The reason is simple: capability is a point. Workflow is a line.

Users aren't using "AI capabilities." They're completing a specific task — one with context, upstream steps, and downstream actions. When AI is just an isolated tool rather than something woven into the whole workflow, it doesn't matter how capable the model is. You end up with something users describe as "useful but forgettable."

Three Failure Modes

Failure mode one: confusing "can use" with "would use"

User research on AI products will often show high satisfaction scores. But ask the follow-up: "How many times did you use this feature last week?" The silence is usually informative.

Can use means the user understands what the product does. Would use means there's a specific situation where they reach for it without thinking. The gap between those two is where most AI products die.

Failure mode two: overestimating prompt skill

Prompt engineering is a skill. Most users don't have it and don't want to learn it. When your product requires a well-crafted prompt to return useful output, you've quietly transferred your product design problem to the user. That's a design failure, not a user failure.

Failure mode three: "everything" as a positioning

"Our AI assistant can write emails, summarize meetings, generate code, analyze data…"

That positioning works in the early curiosity phase. But retention is built on habit, not curiosity. Habits require a specific, repeated use case — not an unbounded capability set.

A Framework I Use

When I'm making feature decisions on an AI product, I ask three questions:

  1. How did users do this before this feature existed? If the answer is "they didn't," you probably don't have a real market. If the answer is "they did it badly and slowly," that's a real opportunity.

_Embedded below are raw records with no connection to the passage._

Lemma enorm_trmx_mulmx_le n d (X : 'M[R]_(n, d)) (w : 'cV[R]_n) :
  enorm (X^T *m w) <= opnorm X * enorm w.
Proof.
set z := X^T *m w.
have [->|z_neq0] := eqVneq (enorm z) 0.
  by rewrite mulr_ge0 ?opnorm_ge0 ?enorm_ge0.
have z_gt0 : 0 < enorm z by rewrite lt_def z_neq0 enorm_ge0.
rewrite -(ler_pM2l z_gt0) -expr2 enorm_sqr.
have -> : sqnorm z = cdot w (X *m z).
  by rewrite -cdot_trmx; apply: eq_bigr => i _; rewrite expr2.
apply: le_trans (cdot_le_enorm _ _) _.
have -> : enorm z * (opnorm X * enorm w) = enorm w * (opnorm X * enorm z) by ring.
by apply: ler_wpM2l; [exact: enorm_ge0 | exact: enorm_mulmx_le].
Qed.

End OperatorNorm.

Section MeanValue.
Variable R : realType.

Lemma is_derive_line m (f : 'cV[R]_m -> R) (z v : 'cV[R]_m) (t : R) :
  derivable f (z + t *: v) v ->
  is_derive t 1 (fun r : R => f (z + r *: v)) ('D_v f (z + t *: v)).
Proof.
move=> df.
have quotE : (fun h : R => h^-1 *: (((fun r => f (z + r *: v)) \o shift t) (h *: 1)
                                   - f (z + t *: v)))
    = (fun h : R => h^-1 *: ((f \o shift (z + t *: v)) (h *: v) - f (z + t *: v))).
  apply/funext => h /=; congr (_ *: (f _ - _)).
  by rewrite -[h *: 1]/(h * 1) mulr1 scalerDl addrCA.
by split; rewrite /derivable /derive quotE.
Qed.

Lemma increment_line_le m (f : 'cV[R]_m -> R) (v : 'cV[R]_m) (M : R) :
  (forall x, derivable f x v) -> (forall x, `|'D_v f x| <= M) ->
  forall z h, `|f (z + h *: v) - f z| <= M * `|h|.
Proof.
move=> df dM.
have incr_ge0 z h : 0 <= h -> `|f (z + h *: v) - f z| <= M * h.
  move=> h0; pose g r := f (z + r *: v).
  have g' (r : R) : is_derive r 1 g ('D_v f (z + r *: v)) by exact: is_derive_line.
  have g_cont : {within `[0, h], continuous g}.
    by apply: derivable_within_continuous => r _; exact: (@ex_derive _ _ _ _ _ _ _ (g' r)).
  have -> : f z = g 0 by rewrite /g scale0r addr0.
  rewrite -/(g h).
  have [c _ ->] := MVT_segment h0 (fun r _ => g' r) g_cont.
  by rewrite subr0 normrM (ger0_norm h0) ler_wpM2r.
move=> z h; have [h0|h0] := leP 0 h; first by rewrite (ger0_norm h0); exact: incr_ge0.
have := incr_ge0 (z + h *: v) (- h); rewrite oppr_ge0 ltW // => /(_ isT).
by rewrite scaleNr addrK distrC (ltr0_norm h0).
Qed.

(* Change one coordinate at a time, from [x] to [y]. *)
Lemma increment_le_pder_bound m (f : 'cV[R]_m -> R) (M : R) :
  (forall x i, derivable f x (evec i)) -> (forall x i, `|pder i f x| <= M) ->
  forall x y, `|f y - f x| <= M * \sum_(i < m) `|y i 0 - x i 0|.
Proof.
move=> df dM x y.
pose w k := \col_(i < m) (if (i < k)%N then y i 0 else x i 0).
have w_step (k : 'I_m) : w k.+1 = w k + (y k 0 - x k 0) *: evec k.
  apply/matrixP => i j; rewrite (ord1 j) !mxE ltnS leq_eqVlt.
  have [->|ik] := eqVneq i k; first by rewrite eqxx ltnn mulr1 addrC subrK.
  by rewrite val_eqE (negbTE ik) mulr0 addr0.
have -> : f y - f x = \sum_(k < m) (f (w k.+1) - f (w k)).
  rewrite -(big_mkord xpredT (fun k => f (w k.+1) - f (w k))) telescope_sumr //.
  by congr (f _ - f _); apply/matrixP => i j; rewrite (ord1 j) mxE ?ltn_ord.
rewrite mulr_sumr; apply: le_trans (ler_norm_sum _ _ _) _; apply: ler_sum => k _.
by rewrite w_step; exact: (increment_line_le (df^~ k) (dM^~ k)).
Qed.

End MeanValue.

Section EmpiricalMeasure.
Variable R : realType.

Definition empirical_coupling d (th th' : 'cV[R]_d)
    : {measure set (R * R)%type -> \bar R} :=
  mscale (d%:R^-1 : R)%:nng
    (msum (fun k : nat => (\d_(nth 0 [seq th j 0 | j : 'I_d] k,
                               nth 0 [seq th' j 0 | j : 'I_d] k)
                           : {measure set (R * R)%type -> \bar R})) d).

Lemma nth_col_seq d (th : 'cV[R]_d) (k : 'I_d) : nth 0 [seq th j 0 | j : 'I_d] k = th k 0.
Proof. by rewrite (nth_map k) ?size_enum_ord // nth_ord_enum. Qed.

Local Open Scope ereal_scope.

(* Column entries are written [th k 0%R]: in [ereal_scope], [0] denotes [0 : \bar R]. *)
Lemma empiricalE d (th : 'cV[R]_d) A :
  empirical th A = (d%:R^-1)%R%:E * \sum_(k < d) (th k 0%R \in A)%:R%:E.
Proof.
rewrite /empirical /= /mscale /msum /=; congr (_ * _).
by apply: eq_bigr => k _; rewrite nth_col_seq; exact: diracE.
Qed.

Lemma empirical_couplingE d (th th' : 'cV[R]_d) A :
  empirical_coupling th th' A
  = (d%:R^-1)%R%:E * \sum_(k < d) ((th k 0%R, th' k 0%R) \in A)%:R%:E.
Proof.
rewrite /empirical_coupling /= /mscale /msum /=; congr (_ * _).
by apply: eq_bigr => k _; rewrite !nth_col_seq; exact: diracE.
Qed.

Lemma empirical_setT d (th : 'cV[R]_d) : (0 < d)%N -> empirical th setT = 1.
Proof.
move=> d_gt0; rewrite empiricalE (eq_bigr (fun=> 1)) => [|k _]; last by rewrite in_setT.
by rewrite sumEFin sumr_const card_ord -EFinM mulVf // pnatr_eq0 -lt0n.
Qed.

Lemma integral_empirical d (th : 'cV[R]_d) (f : R -> \bar R) :
  measurable_fun setT f -> (forall x, 0 <= f x) ->
  \int[empirical th]_x f x = (d%:R^-1)%R%:E * \sum_(k < d) f (th k 0%R).
Proof.
move=> mf f_ge0; rewrite ge0_integral_mscale //; congr (_ * _).
rewrite ge0_integral_measure_sum //; apply: eq_bigr => k _.
by rewrite integral_dirac // diracE in_setT mul1e nth_col_seq.
Qed.

Lemma integral_empirical_coupling d (th th' : 'cV[R]_d) (f : (R * R)%type -> \bar R) :
  measurable_fun setT f -> (forall z, 0 <= f z) ->
  \int[empirical_coupling th th']_z f z
  = (d%:R^-1)%R%:E * \sum_(k < d) f (th k 0%R, th' k 0%R).
Proof.
move=> mf f_ge0; rewrite ge0_integral_mscale //; congr (_ * _).
rewrite ge0_integral_measure_sum //; apply: eq_bigr => k _.
by rewrite integral_dirac // diracE in_setT mul1e !nth_col_seq.
Qed.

  2. What is the friction cost? How many screens, concepts, or inputs does using this feature require? Every added step degrades retention. AI products should make users feel faster, not trained.

  3. What emotional state is the user in? If they're already overwhelmed, anything that requires learning will get abandoned. The best AI product wedge is the task users most want help with when they're exhausted.


Good AI products aren't the ones that do the most. They're the ones that do one thing better than any alternative.

That sounds straightforward. In practice, it requires an unusually deep understanding of how users actually work — and the discipline to say no to a long list of things that look impressive but don't fit.

Both are hard.